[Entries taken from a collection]
======
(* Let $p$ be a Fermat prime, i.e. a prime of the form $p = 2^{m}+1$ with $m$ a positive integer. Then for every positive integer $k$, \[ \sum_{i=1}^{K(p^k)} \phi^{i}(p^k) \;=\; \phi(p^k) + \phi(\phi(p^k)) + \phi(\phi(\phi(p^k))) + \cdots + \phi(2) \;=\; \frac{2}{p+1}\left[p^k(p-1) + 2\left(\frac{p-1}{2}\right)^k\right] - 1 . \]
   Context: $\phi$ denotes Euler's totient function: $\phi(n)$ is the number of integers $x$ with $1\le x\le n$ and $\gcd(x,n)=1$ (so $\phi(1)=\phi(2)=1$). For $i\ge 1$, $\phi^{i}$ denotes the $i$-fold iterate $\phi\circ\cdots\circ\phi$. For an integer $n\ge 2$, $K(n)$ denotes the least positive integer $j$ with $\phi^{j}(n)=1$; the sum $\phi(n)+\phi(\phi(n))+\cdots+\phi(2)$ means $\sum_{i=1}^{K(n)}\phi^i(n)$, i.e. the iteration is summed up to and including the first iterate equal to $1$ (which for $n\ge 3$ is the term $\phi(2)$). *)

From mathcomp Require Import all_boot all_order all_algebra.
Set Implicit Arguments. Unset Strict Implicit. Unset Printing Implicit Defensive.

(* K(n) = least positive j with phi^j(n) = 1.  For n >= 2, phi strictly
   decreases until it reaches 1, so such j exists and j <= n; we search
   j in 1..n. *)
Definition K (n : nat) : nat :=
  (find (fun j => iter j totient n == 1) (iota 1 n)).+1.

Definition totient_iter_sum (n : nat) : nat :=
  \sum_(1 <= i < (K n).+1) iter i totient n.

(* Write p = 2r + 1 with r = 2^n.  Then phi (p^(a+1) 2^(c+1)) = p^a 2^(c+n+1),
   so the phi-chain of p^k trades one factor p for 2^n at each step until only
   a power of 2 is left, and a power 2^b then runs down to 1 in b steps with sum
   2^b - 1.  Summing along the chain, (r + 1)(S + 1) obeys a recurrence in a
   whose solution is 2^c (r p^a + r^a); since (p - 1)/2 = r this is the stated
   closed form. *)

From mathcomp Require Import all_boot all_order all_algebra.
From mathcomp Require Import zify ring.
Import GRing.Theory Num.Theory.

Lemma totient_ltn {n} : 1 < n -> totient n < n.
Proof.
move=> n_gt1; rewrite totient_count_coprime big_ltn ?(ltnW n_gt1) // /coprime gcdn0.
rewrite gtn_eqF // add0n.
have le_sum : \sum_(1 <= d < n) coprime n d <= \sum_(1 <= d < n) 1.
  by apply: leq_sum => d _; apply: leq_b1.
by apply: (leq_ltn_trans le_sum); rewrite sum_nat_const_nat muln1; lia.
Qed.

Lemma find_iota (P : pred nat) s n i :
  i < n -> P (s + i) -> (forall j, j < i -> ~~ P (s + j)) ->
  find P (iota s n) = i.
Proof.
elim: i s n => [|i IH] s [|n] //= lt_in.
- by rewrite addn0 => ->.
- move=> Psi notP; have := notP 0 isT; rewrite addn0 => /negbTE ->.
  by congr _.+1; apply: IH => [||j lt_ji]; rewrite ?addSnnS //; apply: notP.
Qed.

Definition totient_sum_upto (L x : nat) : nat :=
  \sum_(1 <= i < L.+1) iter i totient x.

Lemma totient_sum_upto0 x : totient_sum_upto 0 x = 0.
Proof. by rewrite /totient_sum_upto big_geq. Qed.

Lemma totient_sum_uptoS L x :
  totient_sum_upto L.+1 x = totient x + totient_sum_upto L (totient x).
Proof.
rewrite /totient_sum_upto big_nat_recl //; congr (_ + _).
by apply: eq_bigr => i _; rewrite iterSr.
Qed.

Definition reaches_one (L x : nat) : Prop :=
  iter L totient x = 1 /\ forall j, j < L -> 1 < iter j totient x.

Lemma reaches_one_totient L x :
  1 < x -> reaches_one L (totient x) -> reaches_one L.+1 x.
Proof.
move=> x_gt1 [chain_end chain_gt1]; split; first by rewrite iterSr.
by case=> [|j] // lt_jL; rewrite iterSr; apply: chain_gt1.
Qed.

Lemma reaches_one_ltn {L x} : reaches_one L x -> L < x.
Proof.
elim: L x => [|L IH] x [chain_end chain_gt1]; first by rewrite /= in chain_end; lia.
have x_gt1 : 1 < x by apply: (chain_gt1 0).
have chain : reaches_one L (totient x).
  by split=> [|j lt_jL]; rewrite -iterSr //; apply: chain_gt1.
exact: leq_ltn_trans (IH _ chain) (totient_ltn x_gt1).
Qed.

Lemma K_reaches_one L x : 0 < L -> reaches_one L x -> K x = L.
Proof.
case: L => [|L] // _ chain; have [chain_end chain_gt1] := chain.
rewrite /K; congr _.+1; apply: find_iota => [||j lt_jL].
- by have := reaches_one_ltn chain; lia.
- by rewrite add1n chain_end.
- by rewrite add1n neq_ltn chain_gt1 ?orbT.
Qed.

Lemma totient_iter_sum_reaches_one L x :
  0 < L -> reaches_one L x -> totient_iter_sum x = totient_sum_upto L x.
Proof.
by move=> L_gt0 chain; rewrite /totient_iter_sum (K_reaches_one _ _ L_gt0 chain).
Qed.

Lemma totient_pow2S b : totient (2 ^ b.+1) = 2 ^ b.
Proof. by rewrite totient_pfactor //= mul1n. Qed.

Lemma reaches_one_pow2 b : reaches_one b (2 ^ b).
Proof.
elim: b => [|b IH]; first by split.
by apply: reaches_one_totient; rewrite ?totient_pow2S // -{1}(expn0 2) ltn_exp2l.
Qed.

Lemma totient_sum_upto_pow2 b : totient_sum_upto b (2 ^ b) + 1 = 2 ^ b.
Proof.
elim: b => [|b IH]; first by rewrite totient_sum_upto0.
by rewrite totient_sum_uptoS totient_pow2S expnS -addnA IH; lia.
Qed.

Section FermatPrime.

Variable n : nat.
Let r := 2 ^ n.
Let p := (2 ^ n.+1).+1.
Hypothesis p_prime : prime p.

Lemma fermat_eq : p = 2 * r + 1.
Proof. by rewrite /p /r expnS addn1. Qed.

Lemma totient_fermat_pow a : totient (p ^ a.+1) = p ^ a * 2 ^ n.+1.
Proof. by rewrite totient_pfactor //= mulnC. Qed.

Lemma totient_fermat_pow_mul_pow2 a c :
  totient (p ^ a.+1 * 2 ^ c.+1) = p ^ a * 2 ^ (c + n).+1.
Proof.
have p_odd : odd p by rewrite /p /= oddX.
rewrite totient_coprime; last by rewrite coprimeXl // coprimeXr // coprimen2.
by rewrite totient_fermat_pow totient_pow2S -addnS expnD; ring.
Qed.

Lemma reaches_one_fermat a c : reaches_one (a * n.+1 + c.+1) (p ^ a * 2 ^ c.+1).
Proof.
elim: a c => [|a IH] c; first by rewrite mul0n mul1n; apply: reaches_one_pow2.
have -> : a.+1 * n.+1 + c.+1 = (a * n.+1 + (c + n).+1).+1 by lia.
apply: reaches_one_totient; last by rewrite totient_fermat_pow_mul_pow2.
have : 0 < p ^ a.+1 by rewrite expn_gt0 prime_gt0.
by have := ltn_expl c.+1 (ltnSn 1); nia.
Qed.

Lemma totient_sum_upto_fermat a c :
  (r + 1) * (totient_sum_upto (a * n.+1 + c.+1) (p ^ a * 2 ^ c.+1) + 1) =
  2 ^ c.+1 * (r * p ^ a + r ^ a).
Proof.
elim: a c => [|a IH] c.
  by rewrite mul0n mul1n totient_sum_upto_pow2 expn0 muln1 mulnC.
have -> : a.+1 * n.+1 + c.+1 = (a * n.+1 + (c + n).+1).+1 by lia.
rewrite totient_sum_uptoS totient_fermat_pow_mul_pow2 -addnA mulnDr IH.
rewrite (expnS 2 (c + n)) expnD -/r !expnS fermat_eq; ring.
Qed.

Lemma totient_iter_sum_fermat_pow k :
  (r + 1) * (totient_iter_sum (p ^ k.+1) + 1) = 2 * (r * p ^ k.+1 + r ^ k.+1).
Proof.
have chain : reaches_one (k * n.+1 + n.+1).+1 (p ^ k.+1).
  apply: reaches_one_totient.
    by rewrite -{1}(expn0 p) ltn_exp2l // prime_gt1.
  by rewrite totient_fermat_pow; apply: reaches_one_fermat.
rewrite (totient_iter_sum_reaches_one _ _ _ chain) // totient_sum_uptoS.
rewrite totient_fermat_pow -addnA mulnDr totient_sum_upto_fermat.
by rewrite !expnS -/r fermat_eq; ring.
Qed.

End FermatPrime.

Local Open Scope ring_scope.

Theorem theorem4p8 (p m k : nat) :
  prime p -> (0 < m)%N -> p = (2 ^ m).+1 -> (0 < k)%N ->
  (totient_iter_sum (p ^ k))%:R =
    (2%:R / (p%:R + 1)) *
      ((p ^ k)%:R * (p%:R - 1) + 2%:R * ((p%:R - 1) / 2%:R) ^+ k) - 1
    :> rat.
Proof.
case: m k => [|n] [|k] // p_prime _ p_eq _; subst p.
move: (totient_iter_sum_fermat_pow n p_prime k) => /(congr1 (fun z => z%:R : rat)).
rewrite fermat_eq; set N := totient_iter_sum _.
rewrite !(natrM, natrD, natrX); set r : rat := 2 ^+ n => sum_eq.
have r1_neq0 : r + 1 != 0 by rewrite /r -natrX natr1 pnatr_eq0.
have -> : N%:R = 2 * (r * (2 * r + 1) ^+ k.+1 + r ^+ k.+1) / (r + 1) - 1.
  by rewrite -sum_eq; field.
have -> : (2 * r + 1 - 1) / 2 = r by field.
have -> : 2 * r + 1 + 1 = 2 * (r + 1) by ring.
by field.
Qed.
======
**TASK TO COMPLETE:** Copy out every line in the records where the word "natrX" is found.

**REPLY TO THE TASK:**
rewrite !(natrM, natrD, natrX); set r : rat := 2 ^+ n => sum_eq.
have r1_neq0 : r + 1 != 0 by rewrite /r -natrX natr1 pnatr_eq0.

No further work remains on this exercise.